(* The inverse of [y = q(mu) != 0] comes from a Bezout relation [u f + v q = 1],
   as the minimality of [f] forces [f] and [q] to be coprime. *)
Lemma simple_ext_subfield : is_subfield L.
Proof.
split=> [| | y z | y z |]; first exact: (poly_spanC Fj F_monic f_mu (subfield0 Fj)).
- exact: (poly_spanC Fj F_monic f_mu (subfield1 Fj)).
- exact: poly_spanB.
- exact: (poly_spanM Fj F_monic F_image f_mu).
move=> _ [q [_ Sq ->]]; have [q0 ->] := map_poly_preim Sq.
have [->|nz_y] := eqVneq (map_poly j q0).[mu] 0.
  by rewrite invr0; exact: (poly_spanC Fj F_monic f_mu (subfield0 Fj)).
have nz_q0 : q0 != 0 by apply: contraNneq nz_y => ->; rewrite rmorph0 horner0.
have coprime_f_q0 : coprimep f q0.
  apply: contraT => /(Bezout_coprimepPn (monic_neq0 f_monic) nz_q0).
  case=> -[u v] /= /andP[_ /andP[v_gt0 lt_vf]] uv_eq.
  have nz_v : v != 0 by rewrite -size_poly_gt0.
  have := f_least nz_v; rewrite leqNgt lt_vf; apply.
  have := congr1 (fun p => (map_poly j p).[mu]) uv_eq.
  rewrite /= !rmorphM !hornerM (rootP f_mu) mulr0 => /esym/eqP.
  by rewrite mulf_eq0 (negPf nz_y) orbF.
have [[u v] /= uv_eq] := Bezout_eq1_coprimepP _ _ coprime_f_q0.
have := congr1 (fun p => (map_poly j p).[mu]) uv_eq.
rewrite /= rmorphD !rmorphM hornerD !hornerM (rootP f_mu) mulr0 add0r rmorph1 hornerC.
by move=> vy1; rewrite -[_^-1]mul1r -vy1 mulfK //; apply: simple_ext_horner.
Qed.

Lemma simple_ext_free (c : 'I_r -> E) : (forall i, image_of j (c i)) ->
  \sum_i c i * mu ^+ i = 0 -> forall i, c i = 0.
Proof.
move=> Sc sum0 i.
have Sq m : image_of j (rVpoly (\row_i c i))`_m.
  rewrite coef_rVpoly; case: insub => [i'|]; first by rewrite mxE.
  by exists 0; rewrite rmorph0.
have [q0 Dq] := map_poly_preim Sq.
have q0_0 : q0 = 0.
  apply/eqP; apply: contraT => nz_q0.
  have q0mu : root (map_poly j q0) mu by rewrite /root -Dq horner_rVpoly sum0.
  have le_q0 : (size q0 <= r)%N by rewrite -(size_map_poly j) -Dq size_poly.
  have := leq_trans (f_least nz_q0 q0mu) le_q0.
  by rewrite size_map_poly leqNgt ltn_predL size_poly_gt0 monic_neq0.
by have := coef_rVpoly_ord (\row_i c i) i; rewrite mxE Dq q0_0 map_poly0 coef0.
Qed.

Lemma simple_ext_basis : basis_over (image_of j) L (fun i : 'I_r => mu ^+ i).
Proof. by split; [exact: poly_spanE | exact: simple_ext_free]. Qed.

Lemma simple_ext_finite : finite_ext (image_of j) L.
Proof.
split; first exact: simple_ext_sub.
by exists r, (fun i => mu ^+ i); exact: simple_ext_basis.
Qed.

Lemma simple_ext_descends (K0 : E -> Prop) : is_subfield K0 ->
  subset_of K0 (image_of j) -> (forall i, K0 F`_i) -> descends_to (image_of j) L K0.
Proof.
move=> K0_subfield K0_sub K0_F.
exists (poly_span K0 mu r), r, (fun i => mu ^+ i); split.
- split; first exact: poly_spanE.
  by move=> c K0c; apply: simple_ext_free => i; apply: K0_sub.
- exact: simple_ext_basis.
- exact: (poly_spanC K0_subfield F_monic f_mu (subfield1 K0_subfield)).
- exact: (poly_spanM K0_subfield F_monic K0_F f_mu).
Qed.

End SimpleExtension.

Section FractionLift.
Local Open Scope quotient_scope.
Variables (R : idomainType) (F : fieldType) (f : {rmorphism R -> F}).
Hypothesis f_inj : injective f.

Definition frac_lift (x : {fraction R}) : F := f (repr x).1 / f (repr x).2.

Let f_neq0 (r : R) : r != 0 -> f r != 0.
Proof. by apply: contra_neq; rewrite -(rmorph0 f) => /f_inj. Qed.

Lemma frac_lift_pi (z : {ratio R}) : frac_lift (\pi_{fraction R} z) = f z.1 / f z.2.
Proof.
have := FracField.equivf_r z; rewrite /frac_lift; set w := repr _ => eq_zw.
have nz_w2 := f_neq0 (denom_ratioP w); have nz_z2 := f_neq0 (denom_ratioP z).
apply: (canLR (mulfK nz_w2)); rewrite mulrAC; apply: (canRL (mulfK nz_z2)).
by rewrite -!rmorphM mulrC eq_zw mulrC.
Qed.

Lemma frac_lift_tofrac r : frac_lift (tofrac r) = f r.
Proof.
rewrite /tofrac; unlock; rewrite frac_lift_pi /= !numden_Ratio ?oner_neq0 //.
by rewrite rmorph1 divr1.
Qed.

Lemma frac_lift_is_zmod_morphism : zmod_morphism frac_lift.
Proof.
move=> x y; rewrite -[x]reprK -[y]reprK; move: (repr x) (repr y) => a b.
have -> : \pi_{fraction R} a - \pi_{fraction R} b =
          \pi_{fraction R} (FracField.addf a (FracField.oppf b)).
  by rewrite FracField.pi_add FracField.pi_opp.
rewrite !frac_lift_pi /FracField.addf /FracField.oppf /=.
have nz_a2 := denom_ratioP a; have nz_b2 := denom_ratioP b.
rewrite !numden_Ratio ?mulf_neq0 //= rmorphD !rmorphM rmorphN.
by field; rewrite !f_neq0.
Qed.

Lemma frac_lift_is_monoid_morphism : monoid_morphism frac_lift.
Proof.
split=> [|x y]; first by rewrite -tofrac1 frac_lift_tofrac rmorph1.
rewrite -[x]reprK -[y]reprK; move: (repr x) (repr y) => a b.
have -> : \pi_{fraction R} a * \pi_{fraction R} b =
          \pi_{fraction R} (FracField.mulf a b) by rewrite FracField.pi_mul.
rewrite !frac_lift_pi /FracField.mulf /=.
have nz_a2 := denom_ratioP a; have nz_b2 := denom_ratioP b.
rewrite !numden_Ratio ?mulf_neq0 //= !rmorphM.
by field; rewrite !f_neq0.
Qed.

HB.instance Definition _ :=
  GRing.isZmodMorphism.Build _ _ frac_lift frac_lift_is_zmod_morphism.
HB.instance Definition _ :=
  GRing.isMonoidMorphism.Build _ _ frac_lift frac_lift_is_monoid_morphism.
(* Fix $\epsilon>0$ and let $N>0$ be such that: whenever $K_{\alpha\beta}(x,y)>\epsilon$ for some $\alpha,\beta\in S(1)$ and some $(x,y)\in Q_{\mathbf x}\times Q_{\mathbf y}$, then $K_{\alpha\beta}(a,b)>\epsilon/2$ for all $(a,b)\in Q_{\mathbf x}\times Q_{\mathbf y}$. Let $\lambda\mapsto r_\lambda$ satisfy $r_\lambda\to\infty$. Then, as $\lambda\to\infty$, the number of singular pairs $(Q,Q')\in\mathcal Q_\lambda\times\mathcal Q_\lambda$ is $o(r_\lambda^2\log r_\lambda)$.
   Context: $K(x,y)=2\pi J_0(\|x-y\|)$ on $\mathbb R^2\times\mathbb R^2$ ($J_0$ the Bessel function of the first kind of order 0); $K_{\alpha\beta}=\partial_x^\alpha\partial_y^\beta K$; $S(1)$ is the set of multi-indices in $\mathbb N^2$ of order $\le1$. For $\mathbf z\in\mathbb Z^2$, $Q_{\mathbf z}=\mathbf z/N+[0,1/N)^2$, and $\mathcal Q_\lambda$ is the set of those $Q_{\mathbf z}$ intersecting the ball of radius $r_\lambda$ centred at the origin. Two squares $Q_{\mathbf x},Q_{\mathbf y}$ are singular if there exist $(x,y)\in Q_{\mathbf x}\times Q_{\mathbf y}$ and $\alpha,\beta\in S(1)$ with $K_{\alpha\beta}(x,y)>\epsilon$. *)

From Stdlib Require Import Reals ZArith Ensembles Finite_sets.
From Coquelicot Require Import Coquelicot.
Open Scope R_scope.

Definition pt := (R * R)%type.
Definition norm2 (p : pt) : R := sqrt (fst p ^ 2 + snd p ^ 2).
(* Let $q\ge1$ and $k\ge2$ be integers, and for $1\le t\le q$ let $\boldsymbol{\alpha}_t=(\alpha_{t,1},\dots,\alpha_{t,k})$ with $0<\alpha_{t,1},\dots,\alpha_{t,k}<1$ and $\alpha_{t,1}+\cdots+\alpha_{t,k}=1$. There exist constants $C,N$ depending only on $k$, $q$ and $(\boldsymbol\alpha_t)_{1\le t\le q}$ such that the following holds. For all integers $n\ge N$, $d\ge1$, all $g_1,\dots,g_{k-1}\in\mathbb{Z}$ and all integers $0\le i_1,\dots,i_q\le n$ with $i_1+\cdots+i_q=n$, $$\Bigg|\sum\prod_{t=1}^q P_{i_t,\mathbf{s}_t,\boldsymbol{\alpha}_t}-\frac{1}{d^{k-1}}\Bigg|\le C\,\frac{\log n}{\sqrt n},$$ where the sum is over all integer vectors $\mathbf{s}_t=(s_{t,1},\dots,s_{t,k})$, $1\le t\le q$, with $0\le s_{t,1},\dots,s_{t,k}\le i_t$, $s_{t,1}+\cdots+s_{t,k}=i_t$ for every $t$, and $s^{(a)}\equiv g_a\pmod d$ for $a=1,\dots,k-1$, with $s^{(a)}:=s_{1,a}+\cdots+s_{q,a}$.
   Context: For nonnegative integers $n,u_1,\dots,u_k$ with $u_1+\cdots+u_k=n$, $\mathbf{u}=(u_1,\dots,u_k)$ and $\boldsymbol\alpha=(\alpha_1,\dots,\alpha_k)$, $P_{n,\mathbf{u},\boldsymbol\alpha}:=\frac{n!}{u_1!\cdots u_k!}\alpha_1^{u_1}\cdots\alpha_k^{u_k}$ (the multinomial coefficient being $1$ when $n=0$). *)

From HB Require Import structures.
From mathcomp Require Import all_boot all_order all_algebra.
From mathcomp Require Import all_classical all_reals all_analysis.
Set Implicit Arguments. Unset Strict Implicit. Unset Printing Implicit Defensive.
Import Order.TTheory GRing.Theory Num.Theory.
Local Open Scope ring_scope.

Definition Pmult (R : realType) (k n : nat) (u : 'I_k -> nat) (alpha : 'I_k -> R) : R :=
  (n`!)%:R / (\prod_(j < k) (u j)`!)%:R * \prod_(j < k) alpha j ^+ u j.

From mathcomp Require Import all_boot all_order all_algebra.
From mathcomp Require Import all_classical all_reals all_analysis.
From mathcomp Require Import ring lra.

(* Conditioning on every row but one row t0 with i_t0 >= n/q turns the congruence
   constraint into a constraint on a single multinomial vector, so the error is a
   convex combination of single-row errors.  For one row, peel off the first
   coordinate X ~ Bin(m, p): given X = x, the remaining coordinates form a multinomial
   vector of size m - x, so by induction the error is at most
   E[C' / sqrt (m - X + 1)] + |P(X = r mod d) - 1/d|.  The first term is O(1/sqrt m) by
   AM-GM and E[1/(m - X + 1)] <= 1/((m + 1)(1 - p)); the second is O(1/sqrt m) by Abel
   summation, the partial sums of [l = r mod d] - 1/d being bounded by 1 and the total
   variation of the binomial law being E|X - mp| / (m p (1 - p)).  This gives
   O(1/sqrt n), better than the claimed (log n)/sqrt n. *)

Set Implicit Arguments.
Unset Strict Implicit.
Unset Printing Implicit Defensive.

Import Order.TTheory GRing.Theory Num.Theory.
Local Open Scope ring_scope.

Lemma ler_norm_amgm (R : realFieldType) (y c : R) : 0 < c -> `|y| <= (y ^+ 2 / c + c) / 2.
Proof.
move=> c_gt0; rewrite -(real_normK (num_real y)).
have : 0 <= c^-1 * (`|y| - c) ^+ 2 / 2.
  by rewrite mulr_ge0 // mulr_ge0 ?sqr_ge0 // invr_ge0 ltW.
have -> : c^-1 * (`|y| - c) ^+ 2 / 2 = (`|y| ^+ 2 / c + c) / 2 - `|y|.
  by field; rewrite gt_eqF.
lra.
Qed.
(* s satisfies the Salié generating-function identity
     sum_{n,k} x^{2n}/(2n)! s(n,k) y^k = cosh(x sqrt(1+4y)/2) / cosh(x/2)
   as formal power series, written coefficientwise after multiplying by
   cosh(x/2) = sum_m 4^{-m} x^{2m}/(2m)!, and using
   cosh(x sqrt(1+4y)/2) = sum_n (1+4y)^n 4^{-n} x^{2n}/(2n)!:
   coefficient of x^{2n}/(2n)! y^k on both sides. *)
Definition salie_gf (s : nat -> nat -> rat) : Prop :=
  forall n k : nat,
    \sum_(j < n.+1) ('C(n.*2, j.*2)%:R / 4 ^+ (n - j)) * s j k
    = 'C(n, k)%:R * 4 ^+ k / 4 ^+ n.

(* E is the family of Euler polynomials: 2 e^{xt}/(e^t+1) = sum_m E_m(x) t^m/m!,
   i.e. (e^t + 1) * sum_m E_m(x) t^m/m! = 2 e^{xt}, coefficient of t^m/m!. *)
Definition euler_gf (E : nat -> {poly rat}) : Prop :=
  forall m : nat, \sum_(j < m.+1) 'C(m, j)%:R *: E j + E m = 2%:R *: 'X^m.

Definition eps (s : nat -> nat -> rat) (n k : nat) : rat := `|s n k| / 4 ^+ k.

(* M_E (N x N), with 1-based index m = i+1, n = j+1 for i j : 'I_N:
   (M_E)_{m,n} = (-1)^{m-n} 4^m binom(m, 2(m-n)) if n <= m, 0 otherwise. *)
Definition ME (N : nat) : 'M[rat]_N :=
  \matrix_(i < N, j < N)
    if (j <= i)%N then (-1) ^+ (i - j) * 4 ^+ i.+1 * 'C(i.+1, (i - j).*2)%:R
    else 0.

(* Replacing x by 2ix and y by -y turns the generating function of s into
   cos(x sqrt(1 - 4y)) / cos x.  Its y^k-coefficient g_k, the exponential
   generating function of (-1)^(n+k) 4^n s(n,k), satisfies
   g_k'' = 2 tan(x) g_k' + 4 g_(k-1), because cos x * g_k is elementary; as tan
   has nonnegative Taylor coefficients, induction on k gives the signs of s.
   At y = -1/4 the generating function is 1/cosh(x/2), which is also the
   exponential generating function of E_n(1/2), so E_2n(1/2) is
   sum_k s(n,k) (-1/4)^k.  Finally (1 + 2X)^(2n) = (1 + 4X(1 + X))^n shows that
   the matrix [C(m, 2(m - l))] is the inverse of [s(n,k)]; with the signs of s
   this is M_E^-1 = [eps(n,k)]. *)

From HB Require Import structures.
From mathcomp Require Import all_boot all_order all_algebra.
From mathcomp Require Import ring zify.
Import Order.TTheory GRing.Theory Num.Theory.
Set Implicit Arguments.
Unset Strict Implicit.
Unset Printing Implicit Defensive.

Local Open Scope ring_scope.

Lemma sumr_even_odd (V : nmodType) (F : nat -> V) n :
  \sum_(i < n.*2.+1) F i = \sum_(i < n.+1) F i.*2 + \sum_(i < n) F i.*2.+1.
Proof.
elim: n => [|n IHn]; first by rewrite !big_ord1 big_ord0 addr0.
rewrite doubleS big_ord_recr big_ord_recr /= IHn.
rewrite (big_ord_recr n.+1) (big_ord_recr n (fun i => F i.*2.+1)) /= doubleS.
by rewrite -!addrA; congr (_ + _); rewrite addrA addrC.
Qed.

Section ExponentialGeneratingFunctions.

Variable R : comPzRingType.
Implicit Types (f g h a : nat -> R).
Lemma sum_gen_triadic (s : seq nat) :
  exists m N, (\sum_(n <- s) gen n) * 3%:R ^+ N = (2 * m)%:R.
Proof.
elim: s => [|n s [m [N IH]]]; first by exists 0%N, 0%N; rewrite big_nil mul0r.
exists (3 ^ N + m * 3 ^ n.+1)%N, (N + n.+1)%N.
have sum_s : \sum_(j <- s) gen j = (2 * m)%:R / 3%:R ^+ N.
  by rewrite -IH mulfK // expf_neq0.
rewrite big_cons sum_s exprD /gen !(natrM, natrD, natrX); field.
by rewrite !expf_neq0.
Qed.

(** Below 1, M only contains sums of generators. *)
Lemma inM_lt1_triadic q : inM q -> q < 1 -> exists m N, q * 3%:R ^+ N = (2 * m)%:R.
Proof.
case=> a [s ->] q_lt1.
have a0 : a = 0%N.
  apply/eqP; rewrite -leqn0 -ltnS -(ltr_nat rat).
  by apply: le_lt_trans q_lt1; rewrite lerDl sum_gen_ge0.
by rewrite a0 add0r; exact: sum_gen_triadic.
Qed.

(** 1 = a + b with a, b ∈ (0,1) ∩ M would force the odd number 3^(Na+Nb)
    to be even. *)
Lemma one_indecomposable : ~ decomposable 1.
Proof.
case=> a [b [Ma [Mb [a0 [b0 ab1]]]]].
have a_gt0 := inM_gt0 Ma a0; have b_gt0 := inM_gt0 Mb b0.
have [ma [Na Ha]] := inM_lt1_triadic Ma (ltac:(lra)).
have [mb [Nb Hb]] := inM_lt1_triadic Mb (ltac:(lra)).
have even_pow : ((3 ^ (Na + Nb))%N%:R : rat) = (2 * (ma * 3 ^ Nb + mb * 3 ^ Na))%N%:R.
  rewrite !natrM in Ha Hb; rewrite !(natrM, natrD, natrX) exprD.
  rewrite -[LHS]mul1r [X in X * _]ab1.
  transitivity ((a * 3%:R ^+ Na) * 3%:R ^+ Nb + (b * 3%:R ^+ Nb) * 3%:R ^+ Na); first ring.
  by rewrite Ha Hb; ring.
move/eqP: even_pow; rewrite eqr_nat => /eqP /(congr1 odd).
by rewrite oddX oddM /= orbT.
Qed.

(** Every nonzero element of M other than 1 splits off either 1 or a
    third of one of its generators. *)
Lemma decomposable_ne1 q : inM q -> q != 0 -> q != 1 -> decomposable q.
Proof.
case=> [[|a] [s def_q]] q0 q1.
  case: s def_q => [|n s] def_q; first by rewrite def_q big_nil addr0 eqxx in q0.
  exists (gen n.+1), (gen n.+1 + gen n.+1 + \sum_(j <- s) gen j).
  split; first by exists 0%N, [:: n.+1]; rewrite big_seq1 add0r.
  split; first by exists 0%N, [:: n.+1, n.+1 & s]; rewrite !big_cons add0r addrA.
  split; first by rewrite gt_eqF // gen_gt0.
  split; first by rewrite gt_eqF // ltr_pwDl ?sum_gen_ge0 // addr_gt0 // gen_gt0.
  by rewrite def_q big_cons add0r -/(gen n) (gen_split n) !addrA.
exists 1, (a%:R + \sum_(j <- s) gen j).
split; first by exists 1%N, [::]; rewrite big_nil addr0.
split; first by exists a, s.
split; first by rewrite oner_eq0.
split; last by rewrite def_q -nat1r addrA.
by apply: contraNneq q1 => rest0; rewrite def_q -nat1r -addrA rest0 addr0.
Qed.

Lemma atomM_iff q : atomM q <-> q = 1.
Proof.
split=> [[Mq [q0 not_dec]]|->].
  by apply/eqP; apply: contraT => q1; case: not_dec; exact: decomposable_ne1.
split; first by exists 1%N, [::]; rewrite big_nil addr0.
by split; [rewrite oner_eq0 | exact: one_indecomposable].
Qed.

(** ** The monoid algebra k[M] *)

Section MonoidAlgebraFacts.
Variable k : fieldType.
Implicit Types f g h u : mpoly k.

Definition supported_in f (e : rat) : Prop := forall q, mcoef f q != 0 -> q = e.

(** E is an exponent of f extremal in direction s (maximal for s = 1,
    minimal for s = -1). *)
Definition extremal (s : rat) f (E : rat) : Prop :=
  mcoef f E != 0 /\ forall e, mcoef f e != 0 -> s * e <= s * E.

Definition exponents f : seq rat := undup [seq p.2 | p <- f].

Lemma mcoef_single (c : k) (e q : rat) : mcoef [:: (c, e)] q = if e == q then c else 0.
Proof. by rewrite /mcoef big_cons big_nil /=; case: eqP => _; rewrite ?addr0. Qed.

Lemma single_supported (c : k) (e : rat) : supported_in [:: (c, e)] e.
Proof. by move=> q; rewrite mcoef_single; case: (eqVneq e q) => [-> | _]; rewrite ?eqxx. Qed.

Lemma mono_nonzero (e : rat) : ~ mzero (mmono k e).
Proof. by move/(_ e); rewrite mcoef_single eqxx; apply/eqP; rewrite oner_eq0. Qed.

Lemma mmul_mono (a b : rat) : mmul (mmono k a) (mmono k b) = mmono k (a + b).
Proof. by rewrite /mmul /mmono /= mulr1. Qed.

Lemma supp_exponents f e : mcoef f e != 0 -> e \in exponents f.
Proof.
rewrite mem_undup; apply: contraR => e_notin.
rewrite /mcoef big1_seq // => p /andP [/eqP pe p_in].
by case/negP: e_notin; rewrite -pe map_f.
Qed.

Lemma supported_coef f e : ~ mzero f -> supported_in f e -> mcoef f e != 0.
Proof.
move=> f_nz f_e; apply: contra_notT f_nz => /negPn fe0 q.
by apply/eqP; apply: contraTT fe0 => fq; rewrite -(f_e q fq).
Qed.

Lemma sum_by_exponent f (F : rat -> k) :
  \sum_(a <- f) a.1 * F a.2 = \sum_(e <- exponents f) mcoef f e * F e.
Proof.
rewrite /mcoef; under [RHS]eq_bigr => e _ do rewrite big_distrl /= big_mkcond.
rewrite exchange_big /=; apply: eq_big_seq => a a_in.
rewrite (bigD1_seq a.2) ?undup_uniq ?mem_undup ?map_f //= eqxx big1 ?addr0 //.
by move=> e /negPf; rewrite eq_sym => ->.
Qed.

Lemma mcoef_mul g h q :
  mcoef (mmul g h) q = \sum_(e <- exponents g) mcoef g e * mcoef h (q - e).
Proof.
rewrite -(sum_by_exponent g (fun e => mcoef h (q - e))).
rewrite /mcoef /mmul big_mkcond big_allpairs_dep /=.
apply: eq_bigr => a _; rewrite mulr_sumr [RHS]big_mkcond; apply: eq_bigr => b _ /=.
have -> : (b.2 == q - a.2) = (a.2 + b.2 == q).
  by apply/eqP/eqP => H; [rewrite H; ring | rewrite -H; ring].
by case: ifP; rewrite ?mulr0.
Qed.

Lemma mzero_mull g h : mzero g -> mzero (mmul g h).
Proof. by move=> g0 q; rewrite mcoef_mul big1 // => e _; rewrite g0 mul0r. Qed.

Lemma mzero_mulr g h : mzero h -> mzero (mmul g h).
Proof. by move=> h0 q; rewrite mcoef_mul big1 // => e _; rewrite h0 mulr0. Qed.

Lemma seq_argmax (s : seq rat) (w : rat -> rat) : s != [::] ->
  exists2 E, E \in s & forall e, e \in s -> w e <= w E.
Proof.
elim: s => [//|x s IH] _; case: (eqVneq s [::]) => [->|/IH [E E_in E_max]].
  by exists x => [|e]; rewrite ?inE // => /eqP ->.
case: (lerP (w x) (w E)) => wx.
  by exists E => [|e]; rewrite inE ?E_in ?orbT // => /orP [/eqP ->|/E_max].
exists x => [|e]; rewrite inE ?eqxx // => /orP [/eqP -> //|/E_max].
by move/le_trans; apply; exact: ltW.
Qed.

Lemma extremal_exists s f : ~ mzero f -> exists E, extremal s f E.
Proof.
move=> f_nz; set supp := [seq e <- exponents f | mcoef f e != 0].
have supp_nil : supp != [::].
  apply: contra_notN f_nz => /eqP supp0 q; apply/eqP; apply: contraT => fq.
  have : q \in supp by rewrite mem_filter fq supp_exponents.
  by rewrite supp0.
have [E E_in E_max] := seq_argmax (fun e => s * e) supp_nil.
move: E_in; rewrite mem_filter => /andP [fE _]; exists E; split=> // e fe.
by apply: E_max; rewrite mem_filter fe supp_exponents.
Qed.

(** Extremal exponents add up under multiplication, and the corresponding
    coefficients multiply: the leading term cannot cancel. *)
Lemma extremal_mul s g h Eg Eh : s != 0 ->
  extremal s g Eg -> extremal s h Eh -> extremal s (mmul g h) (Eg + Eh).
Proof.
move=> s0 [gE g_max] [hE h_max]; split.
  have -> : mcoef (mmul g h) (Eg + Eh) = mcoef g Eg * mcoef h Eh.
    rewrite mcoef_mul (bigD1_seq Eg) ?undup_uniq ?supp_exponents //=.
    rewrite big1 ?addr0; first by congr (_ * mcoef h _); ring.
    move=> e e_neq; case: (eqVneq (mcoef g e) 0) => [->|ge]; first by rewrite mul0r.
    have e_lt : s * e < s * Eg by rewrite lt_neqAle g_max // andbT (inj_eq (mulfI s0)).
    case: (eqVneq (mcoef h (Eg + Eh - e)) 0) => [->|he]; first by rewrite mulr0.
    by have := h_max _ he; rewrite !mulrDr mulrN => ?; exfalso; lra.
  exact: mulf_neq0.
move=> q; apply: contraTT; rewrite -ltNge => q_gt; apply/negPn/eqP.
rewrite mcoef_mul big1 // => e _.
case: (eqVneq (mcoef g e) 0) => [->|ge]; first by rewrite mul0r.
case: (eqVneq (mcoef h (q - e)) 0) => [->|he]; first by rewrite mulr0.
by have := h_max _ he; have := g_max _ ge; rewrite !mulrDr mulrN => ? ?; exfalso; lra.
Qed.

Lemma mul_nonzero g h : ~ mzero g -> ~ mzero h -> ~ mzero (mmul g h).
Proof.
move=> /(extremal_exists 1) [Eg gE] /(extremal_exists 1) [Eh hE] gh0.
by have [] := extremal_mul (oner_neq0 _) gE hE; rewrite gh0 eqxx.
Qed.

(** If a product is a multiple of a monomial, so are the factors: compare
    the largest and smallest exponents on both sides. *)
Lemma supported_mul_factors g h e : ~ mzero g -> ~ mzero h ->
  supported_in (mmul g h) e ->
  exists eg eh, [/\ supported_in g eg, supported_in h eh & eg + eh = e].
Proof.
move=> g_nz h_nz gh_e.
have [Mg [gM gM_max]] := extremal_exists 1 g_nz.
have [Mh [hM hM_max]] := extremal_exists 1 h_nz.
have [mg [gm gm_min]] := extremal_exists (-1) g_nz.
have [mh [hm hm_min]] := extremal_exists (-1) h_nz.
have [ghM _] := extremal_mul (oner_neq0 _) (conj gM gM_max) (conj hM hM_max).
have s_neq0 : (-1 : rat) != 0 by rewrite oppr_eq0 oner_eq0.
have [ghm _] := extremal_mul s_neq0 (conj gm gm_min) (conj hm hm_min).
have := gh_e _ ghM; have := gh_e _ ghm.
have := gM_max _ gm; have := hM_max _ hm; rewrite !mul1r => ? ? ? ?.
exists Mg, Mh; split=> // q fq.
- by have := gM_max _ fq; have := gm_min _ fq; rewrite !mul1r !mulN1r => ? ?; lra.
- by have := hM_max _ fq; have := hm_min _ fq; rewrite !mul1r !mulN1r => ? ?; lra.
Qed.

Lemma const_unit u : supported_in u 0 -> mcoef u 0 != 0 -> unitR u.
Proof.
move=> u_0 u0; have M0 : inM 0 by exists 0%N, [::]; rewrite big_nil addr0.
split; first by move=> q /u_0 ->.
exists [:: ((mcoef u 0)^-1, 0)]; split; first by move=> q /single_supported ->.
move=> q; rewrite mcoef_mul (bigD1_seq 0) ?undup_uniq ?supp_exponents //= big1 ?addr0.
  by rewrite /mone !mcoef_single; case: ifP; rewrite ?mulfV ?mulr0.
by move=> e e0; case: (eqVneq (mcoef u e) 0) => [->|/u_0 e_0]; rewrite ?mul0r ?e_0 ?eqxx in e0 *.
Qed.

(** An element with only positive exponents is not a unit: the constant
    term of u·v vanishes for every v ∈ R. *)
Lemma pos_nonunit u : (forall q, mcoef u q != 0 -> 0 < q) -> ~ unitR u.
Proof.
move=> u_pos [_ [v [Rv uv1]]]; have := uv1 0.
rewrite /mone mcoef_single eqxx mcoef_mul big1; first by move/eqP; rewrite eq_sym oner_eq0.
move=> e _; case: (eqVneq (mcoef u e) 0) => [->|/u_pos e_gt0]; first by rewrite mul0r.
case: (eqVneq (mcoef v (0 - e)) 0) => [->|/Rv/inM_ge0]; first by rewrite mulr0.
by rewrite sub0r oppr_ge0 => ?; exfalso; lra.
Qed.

:: Directions for this task ::
Each line in the data that holds the string "both" should be found and copied.

:: Solution to this exercise ::
   coefficient of x^{2n}/(2n)! y^k on both sides. *)
    the largest and smallest exponents on both sides. *)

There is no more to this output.